The SCD30 comes calibrated but supports two methods of recalibration (ASC and FRC) if required. This monitor supports FRC recalibration over Wi-Fi. Visit http://<hostname>/admin to find the recalibration setting, ppm input must be between 400 and 2000.

Other notes:

  1. It works (significantly) better on 5V so you might want to use a USB battery pack (like a portable phone charger) rather than running from AA batteries.
  2. TODO: It's possible to increase the amount of data logged by improving the efficiency of the CircularBuffers. Some possible changes:
    • Do not store the UNIX timestamp in the buffer.

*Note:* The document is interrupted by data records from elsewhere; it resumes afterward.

Lemma big_cval (I : Type) (r : seq I) (G : I -> comb K) :
  \sum_(i <- r) cval (G i) = cval (flatten [seq G i | i <- r]).
Proof.
elim: r => [|i r IH]; first by rewrite big_nil cval_nil.
by rewrite big_cons IH cval_cat.
Qed.

End Combinations.

Lemma cval_clin (K1 K2 : choiceType) (g : K1 -> comb K2) l :
  cval (clin g l) = \sum_(p <- l) ratr p.1 *: cval (g p.2).
Proof.
rewrite -big_cval; apply: eq_bigr => p _; exact: cval_scale.
Qed.

Lemma lin_cval (K1 K2 : choiceType) (f : K1 -> {malg k[K2]}) g l :
  (forall w, f w = cval (g w)) -> lin f (cval l) = cval (clin g l).
Proof.
move=> fg; rewrite cval_clin /cval.
elim: l => [|p l IH]; first by rewrite !big_nil lin0.
by rewrite !big_cons linD IH linU fg.
Qed.

Lemma bilin_cval (K1 K2 K3 : choiceType) (f : K1 -> K2 -> {malg k[K3]}) g l l' :
  (forall w w', f w w' = cval (g w w')) ->
  bilin f (cval l) (cval l') = cval (cbilin g l l').
Proof. by move=> fg; rewrite bilinE; apply: lin_cval => w; exact: lin_cval. Qed.

Definition wA : Word := (v1, 0%:Z, [::], v2).
Definition wAs : Word := (v2, 0%:Z, [::], v1).
Definition wdA : Word := (v2, 0%:Z, [:: (false, 0%:Z)], v1).
Definition wdAs : Word := (v1, 0%:Z, [:: (true, 0%:Z)], v2).
Definition ws (i : vtx) (n : int) : Word := (i, n, [::], i).

Definition csgn (z : int) : rat := if odd `|z|%N then -1 else 1.

Definition cwmul (w w' : Word) : comb Word :=
  let: (i, n0, l, j) := w in
  let: (i', n0', l', j') := w' in
  if j != i' then [::] else
  let p := lastL i l in
  let q := firstR l' j' in
  let base (d : int) : comb Word :=
    let: (m0, ml) := shiftlast n0 l (n0' + d) in [:: (1, (i, m0, ml ++ l', j'))] in
  if (p == q) && (p != j) then base 1 ++ copp (base 0) else base 0.

Definition cdmul := cbilin cwmul.
Definition ctens (l l' : comb Word) : comb (Word * Word) :=
  cbilin (fun w w' => [:: (1, (w, w'))]) l l'.
Definition comulL (l : comb Word) (t : comb (Word * Word)) : comb (Word * Word) :=
  clin (fun ww => ctens (cdmul l [:: (1, ww.1)]) [:: (1, ww.2)]) t.
Definition comulR (t : comb (Word * Word)) (l : comb Word) : comb (Word * Word) :=
  clin (fun ww => ctens [:: (1, ww.1)] (cdmul [:: (1, ww.2)] l)) t.
Definition cmult (t : comb (Word * Word)) : comb Word := clin (fun ww => cwmul ww.1 ww.2) t.
Definition csigma12 (t : comb (Word * Word)) : comb (Word * Word) :=
  clin (fun ww => [:: (csgn ((deg ww.1)%:Z * (deg ww.2)%:Z), (ww.2, ww.1))]) t.

Definition cthetab (c : bool) (p q : vtx) : comb (Word * Word) :=
  if (p == v1) && (q == v2) then (if c then [::] else [:: (1, (ws v1 0, ws v2 0))])
  else if (p == v2) && (q == v1) then (if c then [:: (1, (ws v2 0, ws v1 0))] else [::])
  else [::].
Definition cthetas (c : bool) (p : vtx) : comb (Word * Word) :=
  if p == v1 then comulR (cthetab c v1 v2) [:: (1, wAs)] ++ comulL [:: (1, wA)] (cthetab c v2 v1)
  else comulR (cthetab c v2 v1) [:: (1, wA)] ++ comulL [:: (1, wAs)] (cthetab c v1 v2).
Definition cthetapow (c : bool) (p : vtx) (n : int) : comb (Word * Word) :=
  match n with
  | Posz m => flatten [seq comulR (comulL [:: (1, ws p i%:Z)] (cthetas c p))
                                  [:: (1, ws p (m%:Z - 1 - i%:Z))] | i <- iota 0 m]
  | Negz m => copp (flatten [seq comulR (comulL [:: (1, ws p (- (i%:Z + 1)))] (cthetas c p))
                                  [:: (1, ws p (- (m.+1%:Z - i%:Z)))] | i <- iota 0 m.+1])
  end.
Definition cthetaw (c : bool) (w : Word) : comb (Word * Word) :=
  let: (p, n, l, q) := w in
  if l is [::] then
    comulR (cthetapow c p n) [:: (1, (p, 0%:Z, [::], q))] ++ comulL [:: (1, ws p n)] (cthetab c p q)
  else [::].
Definition cevw (w x : Word) : comb (Word * Word) :=
  let: (i0, n0, l, j1) := w in
  if l is [:: (c, n1)] then
    clin (fun ww => ctens (cdmul [:: (1, ww.1)] [:: (1, (thR c, n1, [::], j1))])
                          (cdmul [:: (1, (i0, n0, [::], thL c))] [:: (1, ww.2)])) (cthetaw c x)
  else [::].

Store the UNIX time of the first reading as a global then use the size of the CircularBuffer<uint16_t,120> co2Buffer;, adding 60 seconds for each measurement.
    • Reuse the CircularBuffer<uint16_t,120> co2Buffer; for the TFT graph.
    • Store temp and humidity as two uint8_t's (i.e. uint8 + "." + uint8) rather than 32bit floats. This reduces the precision from 6 decimal places to 2 but halves the RAM required.

Battery Life:

On typical/uninteresting Duracell AA batteries (LR6) I got 2 hours of accurate data with WiFi enabled & connected. At 2.5 hours the TFT backlight was dimming and flickering slightly and the CO2 measurements were reading a little low (100-200ppm lower) but it continued working for several hours. I suspect this is because SCD30 wants >=3.3V and that's pretty tough for two AA's. The sensor stopped reporting data just shy of 7 hours. Methods of increasing battery life:

  • Disable WiFi in the settings.
  • By default SCD30 takes measurements every 2 seconds. This is configurable up-to 30 minutes. Reduce the reading frequency and the number of refreshes of the TFT.

Other Pics:

CO2 Monitor inside

Necessary connections for SCD30 sensor:

CO2 Monitor image of back

Web Application (it's mobile responsive too):

CO2 Monitor web application